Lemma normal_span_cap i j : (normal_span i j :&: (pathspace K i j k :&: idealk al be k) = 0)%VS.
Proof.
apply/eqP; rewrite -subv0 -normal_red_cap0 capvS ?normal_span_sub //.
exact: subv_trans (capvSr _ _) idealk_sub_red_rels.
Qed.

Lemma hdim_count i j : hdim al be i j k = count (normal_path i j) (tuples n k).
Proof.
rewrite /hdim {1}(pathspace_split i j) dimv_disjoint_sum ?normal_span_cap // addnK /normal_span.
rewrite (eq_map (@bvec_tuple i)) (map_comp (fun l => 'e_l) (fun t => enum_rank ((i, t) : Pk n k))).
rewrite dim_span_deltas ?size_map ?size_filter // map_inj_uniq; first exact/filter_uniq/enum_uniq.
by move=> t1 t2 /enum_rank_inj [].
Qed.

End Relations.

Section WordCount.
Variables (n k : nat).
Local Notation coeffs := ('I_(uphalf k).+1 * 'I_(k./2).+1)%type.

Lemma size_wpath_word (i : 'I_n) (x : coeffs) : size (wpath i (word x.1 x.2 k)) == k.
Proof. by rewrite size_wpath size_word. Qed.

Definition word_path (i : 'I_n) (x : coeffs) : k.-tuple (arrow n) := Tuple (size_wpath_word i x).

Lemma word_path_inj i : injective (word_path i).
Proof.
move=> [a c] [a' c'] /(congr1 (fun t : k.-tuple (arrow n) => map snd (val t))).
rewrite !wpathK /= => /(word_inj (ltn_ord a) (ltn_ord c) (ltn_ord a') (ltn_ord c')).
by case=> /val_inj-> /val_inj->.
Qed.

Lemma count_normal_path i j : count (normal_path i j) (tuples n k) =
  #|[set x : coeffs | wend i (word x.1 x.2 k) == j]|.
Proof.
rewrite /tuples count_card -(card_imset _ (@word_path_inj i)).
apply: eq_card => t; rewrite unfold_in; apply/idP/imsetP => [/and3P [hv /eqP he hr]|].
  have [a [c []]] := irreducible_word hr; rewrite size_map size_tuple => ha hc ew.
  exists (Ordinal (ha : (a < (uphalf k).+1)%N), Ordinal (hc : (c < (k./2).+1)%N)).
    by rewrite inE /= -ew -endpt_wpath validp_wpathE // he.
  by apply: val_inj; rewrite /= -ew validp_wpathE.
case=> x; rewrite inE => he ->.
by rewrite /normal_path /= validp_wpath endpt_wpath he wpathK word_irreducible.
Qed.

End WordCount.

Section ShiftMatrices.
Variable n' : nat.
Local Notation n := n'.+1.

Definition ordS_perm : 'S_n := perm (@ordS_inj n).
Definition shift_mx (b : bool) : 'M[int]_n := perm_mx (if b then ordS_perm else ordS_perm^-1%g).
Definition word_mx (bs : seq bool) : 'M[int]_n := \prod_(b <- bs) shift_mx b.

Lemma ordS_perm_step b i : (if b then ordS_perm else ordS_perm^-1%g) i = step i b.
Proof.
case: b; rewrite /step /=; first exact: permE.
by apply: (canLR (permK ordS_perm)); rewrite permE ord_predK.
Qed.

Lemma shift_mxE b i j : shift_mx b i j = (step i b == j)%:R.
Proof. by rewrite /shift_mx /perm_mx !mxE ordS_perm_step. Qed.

- - - - -

Your answer should be the lines from the one containing "by apply: (canLR" to the end of the entries above, restated exactly and alone.

by apply: (canLR (permK ordS_perm)); rewrite permE ord_predK.
Qed.

Lemma shift_mxE b i j : shift_mx b i j = (step i b == j)%:R.
Proof. by rewrite /shift_mx /perm_mx !mxE ordS_perm_step. Qed.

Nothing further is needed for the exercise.